(* Let $p$ be a prime, $n\ge2$, and $\Gamma$ a profinite group acting trivially on $\mathbb{F}_p$. If every open subgroup of $\Gamma$ satisfies the $n$-fold vanishing Massey product property, then every closed subgroup of $\Gamma$ satisfies the $n$-fold vanishing Massey product property.
   Context: With $U_{n+1}(\mathbb{F}_p)$ the upper unitriangular $(n+1)\times(n+1)$ matrices over $\mathbb{F}_p$ and $\overline{U_{n+1}(\mathbb{F}_p)}$ its quotient by the central subgroup given by the $(1,n+1)$ entry, a profinite group $H$ satisfies the $n$-fold vanishing Massey product property if for every continuous homomorphism $\varphi:H\to\overline{U_{n+1}(\mathbb{F}_p)}$ there is a continuous homomorphism $\psi:H\to U_{n+1}(\mathbb{F}_p)$ whose $(i,i+1)$ entries agree with those of $\varphi$ at every $h\in H$, for $1\le i\le n$. *)

From HB Require Import structures.
From mathcomp Require Import all_boot all_order all_algebra.
From mathcomp Require Import all_classical topology.
Set Implicit Arguments.
Unset Strict Implicit.
Unset Printing Implicit Defensive.
Import GRing.Theory.
Local Open Scope classical_set_scope.
Local Open Scope ring_scope.

Record profinite_group := ProfiniteGroup {
  pg_car :> topologicalType;
  pg_mul : pg_car -> pg_car -> pg_car;
  pg_inv : pg_car -> pg_car;
  pg_one : pg_car;
  pg_mulA : associative pg_mul;
  pg_mul1g : left_id pg_one pg_mul;
  pg_mulVg : forall x, pg_mul (pg_inv x) x = pg_one;
  pg_mul_cont : continuous (fun xy : pg_car * pg_car => pg_mul xy.1 xy.2);
  pg_inv_cont : continuous pg_inv;
  pg_hausdorff : hausdorff_space pg_car;
  pg_compact : compact [set: pg_car];
  pg_tdisc : totally_disconnected [set: pg_car]
}.

Definition is_subgroup (G : profinite_group) (H : set G) : Prop :=
  H (pg_one G) /\
  (forall x y, H x -> H y -> H (pg_mul x (pg_inv y))).

Definition unitri (p n : nat) (M : 'M['F_p]_(n.+1)) : Prop :=
  forall i j : 'I_n.+1, (j <= i)%N -> M i j = (if i == j then 1 else 0).

(* Elements of the quotient of U_{n+1}(F_p) by the central subgroup of
   the (1,n+1) entry are represented by unitriangular matrices, two
   representatives being equal iff they agree off the corner (1,n+1)
   (0-indexed: (0,n)).  [trunc M] is the canonical representative
   (corner set to 0), i.e. the image of M in the quotient. *)
Definition trunc (p n : nat) (M : 'M['F_p]_(n.+1)) : 'M['F_p]_(n.+1) :=
  \matrix_(i, j) (if ((i : nat) == 0%N) && ((j : nat) == n) then 0 else M i j).

(* f : H -> X is continuous for the subspace topology on H and the
   discrete topology on X, i.e. locally constant on H. *)
Definition loc_const_on (G : profinite_group) (H : set G) (X : Type)
    (f : G -> X) : Prop :=
  forall x, H x -> exists O : set G, [/\ open O, O x &
     forall y, H y -> O y -> f y = f x].

Definition cont_hom_U (p n : nat) (G : profinite_group) (H : set G)
    (psi : G -> 'M['F_p]_(n.+1)) : Prop :=
  [/\ forall x, H x -> unitri (psi x),
      forall x y, H x -> H y -> psi (pg_mul x y) = psi x *m psi y &
      loc_const_on H psi].

(* continuous homomorphism H -> U_{n+1}(F_p)/Z, given through a choice of
   representatives phi x of the cosets *)
Definition cont_hom_Ubar (p n : nat) (G : profinite_group) (H : set G)
    (phi : G -> 'M['F_p]_(n.+1)) : Prop :=
  [/\ forall x, H x -> unitri (phi x),
      forall x y, H x -> H y ->
        trunc (phi (pg_mul x y)) = trunc (phi x *m phi y) &
      loc_const_on H (fun x => trunc (phi x))].

Definition massey_vanishing (p n : nat) (G : profinite_group) (H : set G)
    : Prop :=
  forall phi : G -> 'M['F_p]_(n.+1), cont_hom_Ubar H phi ->
  exists psi : G -> 'M['F_p]_(n.+1), cont_hom_U H psi /\
    (forall x, H x -> forall i : 'I_n,
       psi x (inord i) (inord i.+1) = phi x (inord i) (inord i.+1)).

From mathcomp Require Import all_boot all_order all_algebra.
From mathcomp Require Import all_classical topology.

(* Let phi be a continuous homomorphism from the closed subgroup H to the
   quotient of U_{n+1}(F_p). Its kernel contains the intersection of H with
   some open neighbourhood O of 1. A profinite group is compact Hausdorff and
   totally disconnected, hence zero-dimensional, so O contains an open
   subgroup V; as H is compact, the elements all of whose H-conjugates lie in
   V form an open subgroup W normalised by H. Then U = HW is an open subgroup
   containing H, and phi extends to U by hw |-> phi(h), which is well defined
   because phi kills the intersection of H and W. A lift of the extension to
   U_{n+1}(F_p), provided by the hypothesis on open subgroups, restricts to a
   lift of phi on H. *)

Local Open Scope classical_set_scope.

Lemma open_compact_forall {X Y Z : topologicalType} {A : set X} {O : set Z}
    {f : X * Y -> Z} :
  compact A -> open O -> continuous f ->
  open [set y | forall a, A a -> O (f (a, y))].
Proof.
move=> /compact_near_coveringP cA oO cf; rewrite openE => y Oy.
apply: (cA Y (nbhs y) (fun y a => O (f (a, y)))) => a Aa.
have /(_ (conj oO (Oy a Aa)))[[P Q] /= [Pa Qy] PQ] :=
  cf (a, y) O \o @open_nbhs_nbhs _ _ _.
by exists (P, Q) => // -[b z] /PQ.
Qed.

Section QuasiComponent.
Context {T : topologicalType}.

Definition quasi_component (x : T) :=
  \bigcap_(C in [set C : set T | clopen C /\ C x]) C.

Lemma quasi_component_refl (x : T) : quasi_component x x.
Proof. by move=> C []. Qed.

Lemma closed_quasi_component (x : T) : closed (quasi_component x).
Proof. by apply: closed_bigI => C [[]]. Qed.

Lemma quasi_component_clopen_avoid {x : T} {K : set T} : compact K ->
  (forall z, quasi_component x z -> ~ K z) ->
  exists C, [/\ clopen C, C x & forall z, C z -> ~ K z].
Proof.
move=> cK QK; apply: contrapT => noC.
pose F := filter_from [set C : set T | clopen C /\ C x] (fun C => C `&` K).
have FF : Filter F.
  apply: filter_from_filter; first by exists setT; split=> //; exact: clopenT.
  move=> C1 C2 [cl1 x1] [cl2 x2]; exists (C1 `&` C2) => [|z [[? ?] ?] //].
  by split; [exact: clopenI|].
have PF : ProperFilter F.
  apply: filter_from_proper => C [clC Cx]; apply: contrapT => nCK.
  by apply: noC; exists C; split=> // z Cz Kz; apply: nCK; exists z.
have FK : F K by exists setT; [split=> //; exact: clopenT | move=> z []].
have [z [Kz clz]] := cK F PF FK.
apply: (QK z) => // C [[oC cC] Cx]; apply: contrapT => nCz.
have FC : F C by exists C => // w [].
have nCnbhs : nbhs z (~` C).
  by apply: open_nbhs_nbhs; split=> //; exact: closed_openC.
by have [w []] := clz C (~` C) FC nCnbhs.
Qed.

Hypotheses (hT : hausdorff_space T) (cT : compact [set: T]).

Lemma compact_hausdorff_separate {A B : set T} :
  closed A -> closed B -> A `&` B = set0 ->
  exists U V, [/\ open U, open V, A `<=` U, B `<=` V & U `&` V = set0].
Proof.
move=> cA cB AB0.
have nAB : set_nbhs A (~` B).
  apply/set_nbhsP; exists (~` B); split=> //; first exact: closed_openC.
  by move=> z Az Bz; rewrite -[False]/(set0 z) -AB0.
have [S /set_nbhsP[U [oU AU US]] clS] := compact_normal hT cT cA nAB.
exists U, (~` closure S); split=> //; first exact/closed_openC/closed_closure.
- by move=> z Bz /clS.
- by rewrite -subset0 => z [/US Sz]; apply; exact: subset_closure.
Qed.

Lemma quasi_component_sub {x : T} {A B : set T} :
  closed A -> closed B -> A `&` B = set0 ->
  quasi_component x `<=` A `|` B -> A x -> quasi_component x `<=` A.
Proof.
move=> cA cB AB0 QAB Ax.
have [U [V [oU oV AU BV UV0]]] := compact_hausdorff_separate cA cB AB0.
have UVP z : U z -> V z -> False by move=> Uz Vz; rewrite -[False]/(set0 z) -UV0.
have cK : compact (~` (U `|` V)).
  by apply: (subclosed_compact _ cT) => //; apply/open_closedC/openU.
have QUV z : quasi_component x z -> ~ (~` (U `|` V)) z.
  by move=> /QAB [/AU|/BV] UVz; apply; [left|right].
have [C [[oC cC] Cx CK]] := quasi_component_clopen_avoid cK QUV.
have CUE : C `&` U = C `&` ~` V.
  apply/seteqP; split=> z [Cz UVz]; split=> //.
  - by move/(UVP z).
  - by apply: contrapT => nUz; apply: (CK z Cz); case.
have clCU : clopen (C `&` U).
  by split; [exact: openI | rewrite CUE; apply: closedI => //; exact: open_closedC].
move=> z Qz; have [_ Uz] := Qz _ (conj clCU (conj Cx (AU x Ax))).
by case: (QAB z Qz) => // /BV /(UVP z Uz).
Qed.

Lemma quasi_component_connected (x : T) : connected (quasi_component x).
Proof.
set Q := quasi_component x.
move=> B [b Bb] [O oO BO] [D cD BD].
have cB : closed B by rewrite BD; exact: closedI (closed_quasi_component x) cD.
have cQO : closed (Q `&` ~` O).
  by apply: closedI; [exact: closed_quasi_component | exact: open_closedC].
have BQO : B `&` (Q `&` ~` O) = set0.
  by rewrite -subset0 BO => z [[_ Oz] [_ nOz]].
have QBQO : Q `<=` B `|` (Q `&` ~` O).
  by move=> z Qz; have [Oz|nOz] := pselect (O z); [left; rewrite BO | right].
have [Bx|nBx] := pselect (B x).
  apply/seteqP; split; first by rewrite BO => z [].
  exact: quasi_component_sub cB cQO BQO QBQO Bx.
have QOx : (Q `&` ~` O) x.
  split=> [|Ox]; first exact: quasi_component_refl.
  by apply: nBx; rewrite BO; split=> //; exact: quasi_component_refl.
have QQO : Q `<=` Q `&` ~` O.
  apply: quasi_component_sub cQO cB _ _ QOx; first by rewrite setIC.
  by rewrite setUC.
by move: Bb; rewrite BO => -[Qb Ob]; case: (QQO b Qb).
Qed.

Lemma compact_totally_disconnected_zero_dimension :
  totally_disconnected [set: T] -> zero_dimensional T.
Proof.
move=> td x y xy; apply: contrapT => nsep.
have Qy : quasi_component x y.
  by move=> C [clC Cx]; apply: contrapT => nCy; apply: nsep; exists C.
have := connected_component_max (quasi_component_refl x) (fun _ _ => I)
  (quasi_component_connected x) Qy.
by rewrite td // => yx; move: xy; rewrite -yx eqxx.
Qed.

End QuasiComponent.

Section GroupLaws.
Context {G : profinite_group}.
Local Notation "x ** y" := (pg_mul x y) (at level 40, left associativity).
Local Notation "x ^-1" := (pg_inv x).
Local Notation one := (pg_one G).
Implicit Types x y : G.

Lemma pg_mulgV x : x ** x^-1 = one.
Proof.
rewrite -[x ** _]pg_mul1g -{1}(pg_mulVg (x^-1)).
by rewrite -pg_mulA (pg_mulA (x^-1) x) pg_mulVg pg_mul1g pg_mulVg.
Qed.

Lemma pg_mulg1 x : x ** one = x.
Proof. by rewrite -(pg_mulVg x) pg_mulA pg_mulgV pg_mul1g. Qed.

Lemma pg_mulKVg x y : x ** (x^-1 ** y) = y.
Proof. by rewrite pg_mulA pg_mulgV pg_mul1g. Qed.

Lemma pg_mulgK x y : x ** y ** y^-1 = x.
Proof. by rewrite -pg_mulA pg_mulgV pg_mulg1. Qed.

Lemma pg_invgK x : (x^-1)^-1 = x.
Proof. by rewrite -[LHS]pg_mulg1 -(pg_mulVg x) pg_mulA pg_mulVg pg_mul1g. Qed.

Lemma pg_invMg x y : (x ** y)^-1 = y^-1 ** x^-1.
Proof.
have xyV : x ** y ** (y^-1 ** x^-1) = one.
  by rewrite pg_mulA pg_mulgK pg_mulgV.
by rewrite -[LHS]pg_mulg1 -xyV pg_mulA pg_mulVg pg_mul1g.
Qed.

Lemma pg_invg1 : one^-1 = one.
Proof. by rewrite -[LHS]pg_mul1g pg_mulgV. Qed.

Lemma is_subgroup1 {H : set G} : is_subgroup H -> H one.
Proof. by case. Qed.

Lemma is_subgroupV {H : set G} {x} : is_subgroup H -> H x -> H x^-1.
Proof. by move=> [H1 HM] Hx; have := HM _ _ H1 Hx; rewrite pg_mul1g. Qed.

Lemma is_subgroupM {H : set G} {x y} : is_subgroup H -> H x -> H y -> H (x ** y).
Proof.
by move=> sH Hx Hy; have := proj2 sH _ _ Hx (is_subgroupV sH Hy); rewrite pg_invgK.
Qed.

Lemma pg_lmul_continuous x : continuous (fun y => x ** y).
Proof.
move=> y; apply: (@continuous2_cvg _ _ _ _ _ _ (fun=> x) id (@pg_mul G)).
- exact: (@pg_mul_cont G (x, y)).
- exact: cvg_cst.
- exact: cvg_id.
Qed.

Lemma pg_conj_continuous : continuous (fun hg : G * G => hg.1^-1 ** hg.2 ** hg.1).
Proof.
move=> [h g].
apply: (@continuous2_cvg _ _ _ _ _ _ (fun hg : G * G => hg.1^-1 ** hg.2) fst
  (@pg_mul G)).
- exact: (@pg_mul_cont G (_, _)).
- apply: (@continuous2_cvg _ _ _ _ _ _ (fun hg : G * G => hg.1^-1) snd (@pg_mul G)).
  + exact: (@pg_mul_cont G (_, _)).
  + apply: (@cvg_comp _ _ _ fst); [exact: cvg_fst | exact: pg_inv_cont].
  + exact: cvg_snd.
- exact: cvg_fst.
Qed.

End GroupLaws.

Section OpenSubgroups.
Context {G : profinite_group}.
Local Notation "x ** y" := (pg_mul x y) (at level 40, left associativity).
Local Notation "x ^-1" := (pg_inv x).
Local Notation one := (pg_one G).

Lemma open_subgroup_nbhs1 {O : set G} : nbhs one O ->
  exists V : set G, [/\ is_subgroup V, open V & V `<=` O].
Proof.
move=> O1.
have zdG := compact_totally_disconnected_zero_dimension
  (@pg_hausdorff G) (@pg_compact G) (@pg_tdisc G).
have [C [C1 [oC cC]] CO] :=
  zero_dimensional_cvg (@pg_hausdorff G) zdG (@pg_compact G) O1.
have cCc : compact C := subclosed_compact cC (@pg_compact G) (fun _ _ => I).
pose V1 := [set g : G | forall c, C c -> C (c ** g)].
have oV1 : open V1 := open_compact_forall cCc oC (@pg_mul_cont G).
exists (V1 `&` (@pg_inv G @^-1` V1)); split.
- split.
  + by split=> c Cc /=; rewrite ?pg_invg1 pg_mulg1.
  + move=> x y [Vx1 Vx2] [Vy1 Vy2]; split=> c Cc /=.
    * by rewrite pg_mulA; apply: Vy2; apply: Vx1.
    * by rewrite pg_invMg pg_invgK pg_mulA; apply: Vx2; apply: Vy1.
- by apply: openI => //; exact: (proj1 (continuousP _) (@pg_inv_cont G)).
- by move=> g [/(_ one C1)]; rewrite pg_mul1g => /CO.
Qed.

══════

__PROMPT__. Give the exact lines, and only those, from the line containing "Definition trunc (p" through the line containing "(f : G -> X) : Prop" in the entries above.

__ANSWER TO THE EXERCISE__.
Definition trunc (p n : nat) (M : 'M['F_p]_(n.+1)) : 'M['F_p]_(n.+1) :=
  \matrix_(i, j) (if ((i : nat) == 0%N) && ((j : nat) == n) then 0 else M i j).

(* f : H -> X is continuous for the subspace topology on H and the
   discrete topology on X, i.e. locally constant on H. *)
Definition loc_const_on (G : profinite_group) (H : set G) (X : Type)
    (f : G -> X) : Prop :=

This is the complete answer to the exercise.